WHAT TO DO: Only one stretch of the listing below is wanted. Begin at the line that has "From mathcomp Require", stop after the line that has "Local Open Scope ring_scope.", and repeat every line in between exactly.

ENTRIES PROVIDED:
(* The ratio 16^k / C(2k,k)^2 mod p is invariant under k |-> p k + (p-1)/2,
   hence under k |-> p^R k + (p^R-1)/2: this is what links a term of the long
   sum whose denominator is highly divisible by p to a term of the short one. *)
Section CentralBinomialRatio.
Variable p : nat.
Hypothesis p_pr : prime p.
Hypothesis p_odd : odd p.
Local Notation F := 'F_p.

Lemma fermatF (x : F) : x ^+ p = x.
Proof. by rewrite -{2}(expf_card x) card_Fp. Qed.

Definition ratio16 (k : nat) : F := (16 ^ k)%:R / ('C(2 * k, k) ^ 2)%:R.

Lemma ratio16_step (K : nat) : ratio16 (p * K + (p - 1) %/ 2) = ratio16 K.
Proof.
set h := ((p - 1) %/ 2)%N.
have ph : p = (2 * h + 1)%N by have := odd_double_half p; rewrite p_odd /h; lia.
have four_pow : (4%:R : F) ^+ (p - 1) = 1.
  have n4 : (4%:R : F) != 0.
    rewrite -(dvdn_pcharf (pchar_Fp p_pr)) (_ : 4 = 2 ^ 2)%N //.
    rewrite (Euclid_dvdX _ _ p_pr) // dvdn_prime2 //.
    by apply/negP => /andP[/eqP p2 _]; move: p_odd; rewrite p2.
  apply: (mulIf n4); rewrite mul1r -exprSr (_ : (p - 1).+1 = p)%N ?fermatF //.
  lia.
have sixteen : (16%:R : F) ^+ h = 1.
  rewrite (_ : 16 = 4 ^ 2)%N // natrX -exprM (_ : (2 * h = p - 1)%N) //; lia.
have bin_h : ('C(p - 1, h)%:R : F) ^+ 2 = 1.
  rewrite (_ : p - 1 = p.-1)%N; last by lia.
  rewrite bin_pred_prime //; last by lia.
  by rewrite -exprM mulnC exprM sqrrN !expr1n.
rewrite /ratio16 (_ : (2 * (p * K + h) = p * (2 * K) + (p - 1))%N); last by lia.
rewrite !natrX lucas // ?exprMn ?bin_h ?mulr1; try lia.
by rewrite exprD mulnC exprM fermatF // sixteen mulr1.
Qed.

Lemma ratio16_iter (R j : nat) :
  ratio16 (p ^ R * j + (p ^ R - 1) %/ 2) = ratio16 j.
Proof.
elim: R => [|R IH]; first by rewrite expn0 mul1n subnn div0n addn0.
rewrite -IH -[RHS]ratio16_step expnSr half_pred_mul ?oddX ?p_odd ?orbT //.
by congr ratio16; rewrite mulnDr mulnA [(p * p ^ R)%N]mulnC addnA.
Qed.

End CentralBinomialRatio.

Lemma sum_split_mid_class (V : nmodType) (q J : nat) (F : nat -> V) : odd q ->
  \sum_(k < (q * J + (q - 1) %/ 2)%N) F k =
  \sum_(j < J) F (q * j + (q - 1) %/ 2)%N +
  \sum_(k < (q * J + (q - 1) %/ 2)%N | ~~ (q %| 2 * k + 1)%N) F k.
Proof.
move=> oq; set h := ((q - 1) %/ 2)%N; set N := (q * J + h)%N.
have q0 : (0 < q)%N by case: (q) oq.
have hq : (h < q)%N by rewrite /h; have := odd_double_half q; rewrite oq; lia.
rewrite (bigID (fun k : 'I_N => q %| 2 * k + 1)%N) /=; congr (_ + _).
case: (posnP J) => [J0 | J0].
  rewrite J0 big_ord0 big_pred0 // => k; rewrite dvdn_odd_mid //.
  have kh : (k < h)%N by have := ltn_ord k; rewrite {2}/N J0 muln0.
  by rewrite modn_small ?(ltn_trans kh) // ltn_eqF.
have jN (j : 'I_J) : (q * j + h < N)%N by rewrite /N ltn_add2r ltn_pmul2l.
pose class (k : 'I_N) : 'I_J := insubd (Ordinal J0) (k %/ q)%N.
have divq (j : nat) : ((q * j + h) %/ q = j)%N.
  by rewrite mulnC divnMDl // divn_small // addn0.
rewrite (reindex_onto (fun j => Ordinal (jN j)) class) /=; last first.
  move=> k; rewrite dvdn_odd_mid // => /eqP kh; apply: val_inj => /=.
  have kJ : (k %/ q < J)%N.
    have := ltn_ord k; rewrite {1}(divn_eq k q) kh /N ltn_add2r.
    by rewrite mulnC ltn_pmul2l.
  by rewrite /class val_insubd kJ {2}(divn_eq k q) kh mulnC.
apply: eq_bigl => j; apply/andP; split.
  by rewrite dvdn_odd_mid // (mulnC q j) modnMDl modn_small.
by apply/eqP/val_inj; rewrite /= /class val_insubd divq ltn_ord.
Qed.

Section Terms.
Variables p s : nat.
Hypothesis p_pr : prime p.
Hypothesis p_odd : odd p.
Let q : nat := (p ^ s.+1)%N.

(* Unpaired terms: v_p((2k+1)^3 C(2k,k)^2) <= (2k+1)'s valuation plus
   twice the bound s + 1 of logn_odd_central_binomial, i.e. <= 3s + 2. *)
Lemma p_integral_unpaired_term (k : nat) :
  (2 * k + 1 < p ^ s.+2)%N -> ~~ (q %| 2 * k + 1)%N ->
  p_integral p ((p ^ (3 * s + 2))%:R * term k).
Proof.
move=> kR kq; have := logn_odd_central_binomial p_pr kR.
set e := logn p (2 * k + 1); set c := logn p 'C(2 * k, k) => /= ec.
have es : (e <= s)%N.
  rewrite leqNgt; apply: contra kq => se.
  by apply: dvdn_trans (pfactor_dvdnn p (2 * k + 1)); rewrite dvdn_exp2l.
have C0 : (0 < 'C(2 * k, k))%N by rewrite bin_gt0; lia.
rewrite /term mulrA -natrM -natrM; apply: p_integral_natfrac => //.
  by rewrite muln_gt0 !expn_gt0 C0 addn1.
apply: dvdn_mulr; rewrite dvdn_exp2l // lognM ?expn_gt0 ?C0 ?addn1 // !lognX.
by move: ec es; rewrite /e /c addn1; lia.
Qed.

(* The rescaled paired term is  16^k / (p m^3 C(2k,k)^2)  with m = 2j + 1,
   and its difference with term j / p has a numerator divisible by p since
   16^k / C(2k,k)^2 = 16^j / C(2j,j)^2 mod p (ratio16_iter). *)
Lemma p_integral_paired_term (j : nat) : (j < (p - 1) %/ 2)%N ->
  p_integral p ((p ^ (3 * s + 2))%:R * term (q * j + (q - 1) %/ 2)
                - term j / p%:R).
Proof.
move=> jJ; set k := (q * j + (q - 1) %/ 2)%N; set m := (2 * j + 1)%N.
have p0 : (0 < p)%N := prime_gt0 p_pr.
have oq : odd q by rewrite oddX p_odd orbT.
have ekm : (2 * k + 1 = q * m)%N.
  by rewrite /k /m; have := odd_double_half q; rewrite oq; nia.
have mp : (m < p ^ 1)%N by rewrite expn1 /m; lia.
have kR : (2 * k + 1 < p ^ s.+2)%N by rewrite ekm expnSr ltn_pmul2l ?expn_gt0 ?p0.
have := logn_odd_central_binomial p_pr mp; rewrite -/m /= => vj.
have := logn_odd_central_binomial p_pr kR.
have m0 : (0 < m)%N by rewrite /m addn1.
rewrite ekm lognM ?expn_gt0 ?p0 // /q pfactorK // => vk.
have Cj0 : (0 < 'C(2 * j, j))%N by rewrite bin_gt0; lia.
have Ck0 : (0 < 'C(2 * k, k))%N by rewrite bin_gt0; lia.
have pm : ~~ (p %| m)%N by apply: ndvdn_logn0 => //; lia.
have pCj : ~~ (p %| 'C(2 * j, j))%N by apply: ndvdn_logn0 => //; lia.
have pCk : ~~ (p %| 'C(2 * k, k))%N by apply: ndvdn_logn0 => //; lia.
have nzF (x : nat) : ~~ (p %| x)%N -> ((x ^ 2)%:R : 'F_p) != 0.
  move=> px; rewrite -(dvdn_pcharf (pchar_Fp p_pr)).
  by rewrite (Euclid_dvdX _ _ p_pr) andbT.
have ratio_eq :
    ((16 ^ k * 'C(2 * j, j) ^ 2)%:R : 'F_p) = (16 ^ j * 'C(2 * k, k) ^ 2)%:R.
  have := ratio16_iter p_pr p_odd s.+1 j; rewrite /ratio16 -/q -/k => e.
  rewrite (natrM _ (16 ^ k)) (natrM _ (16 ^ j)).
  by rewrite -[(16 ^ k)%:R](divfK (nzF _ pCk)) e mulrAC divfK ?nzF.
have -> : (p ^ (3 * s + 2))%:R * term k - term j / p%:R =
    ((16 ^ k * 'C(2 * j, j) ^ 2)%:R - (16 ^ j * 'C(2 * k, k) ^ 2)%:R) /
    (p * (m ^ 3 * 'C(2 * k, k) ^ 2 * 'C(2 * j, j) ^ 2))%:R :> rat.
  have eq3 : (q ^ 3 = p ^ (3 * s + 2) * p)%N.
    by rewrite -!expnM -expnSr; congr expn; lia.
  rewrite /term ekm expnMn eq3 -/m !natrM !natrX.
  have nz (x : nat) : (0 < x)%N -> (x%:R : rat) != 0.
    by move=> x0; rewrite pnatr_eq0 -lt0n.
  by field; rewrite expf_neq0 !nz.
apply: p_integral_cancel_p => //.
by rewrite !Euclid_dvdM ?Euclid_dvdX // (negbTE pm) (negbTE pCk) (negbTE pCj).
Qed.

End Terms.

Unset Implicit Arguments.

---

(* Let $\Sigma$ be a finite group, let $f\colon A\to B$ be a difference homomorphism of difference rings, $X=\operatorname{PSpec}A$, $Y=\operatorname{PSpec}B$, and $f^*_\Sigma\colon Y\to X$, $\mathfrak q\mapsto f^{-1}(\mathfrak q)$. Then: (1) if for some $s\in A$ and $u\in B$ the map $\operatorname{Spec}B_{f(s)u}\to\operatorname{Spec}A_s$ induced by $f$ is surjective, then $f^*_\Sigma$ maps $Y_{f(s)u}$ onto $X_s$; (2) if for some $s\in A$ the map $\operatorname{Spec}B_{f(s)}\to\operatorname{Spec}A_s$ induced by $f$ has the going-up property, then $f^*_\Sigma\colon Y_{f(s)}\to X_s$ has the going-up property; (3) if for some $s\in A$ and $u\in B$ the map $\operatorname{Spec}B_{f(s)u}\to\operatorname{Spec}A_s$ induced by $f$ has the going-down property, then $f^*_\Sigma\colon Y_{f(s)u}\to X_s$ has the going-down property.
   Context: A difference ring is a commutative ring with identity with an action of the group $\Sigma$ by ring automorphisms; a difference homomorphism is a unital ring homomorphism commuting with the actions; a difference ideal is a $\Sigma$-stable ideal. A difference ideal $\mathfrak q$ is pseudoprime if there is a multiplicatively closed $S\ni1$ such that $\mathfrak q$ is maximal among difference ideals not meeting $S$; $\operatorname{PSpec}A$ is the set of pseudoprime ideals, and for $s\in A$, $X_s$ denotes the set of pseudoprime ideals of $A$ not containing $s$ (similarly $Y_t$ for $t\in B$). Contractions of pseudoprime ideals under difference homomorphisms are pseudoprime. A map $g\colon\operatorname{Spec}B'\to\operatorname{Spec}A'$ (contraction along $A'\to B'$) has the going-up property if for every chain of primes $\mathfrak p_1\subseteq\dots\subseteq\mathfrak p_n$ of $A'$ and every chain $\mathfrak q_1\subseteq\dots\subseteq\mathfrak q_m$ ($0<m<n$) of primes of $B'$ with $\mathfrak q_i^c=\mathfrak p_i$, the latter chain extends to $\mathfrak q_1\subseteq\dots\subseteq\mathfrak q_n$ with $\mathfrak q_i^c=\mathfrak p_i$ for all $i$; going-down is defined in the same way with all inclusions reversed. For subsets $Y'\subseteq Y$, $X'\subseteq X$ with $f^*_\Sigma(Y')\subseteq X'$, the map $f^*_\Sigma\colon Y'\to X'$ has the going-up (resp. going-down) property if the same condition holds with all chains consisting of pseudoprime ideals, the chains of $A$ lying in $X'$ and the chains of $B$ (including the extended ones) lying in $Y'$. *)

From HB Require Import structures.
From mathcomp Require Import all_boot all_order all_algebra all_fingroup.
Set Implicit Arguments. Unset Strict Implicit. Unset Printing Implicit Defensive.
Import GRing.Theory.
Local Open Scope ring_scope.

RESULT FOR THIS TASK:
From mathcomp Require Import all_boot all_order all_algebra all_fingroup.
Set Implicit Arguments. Unset Strict Implicit. Unset Printing Implicit Defensive.
Import GRing.Theory.
Local Open Scope ring_scope.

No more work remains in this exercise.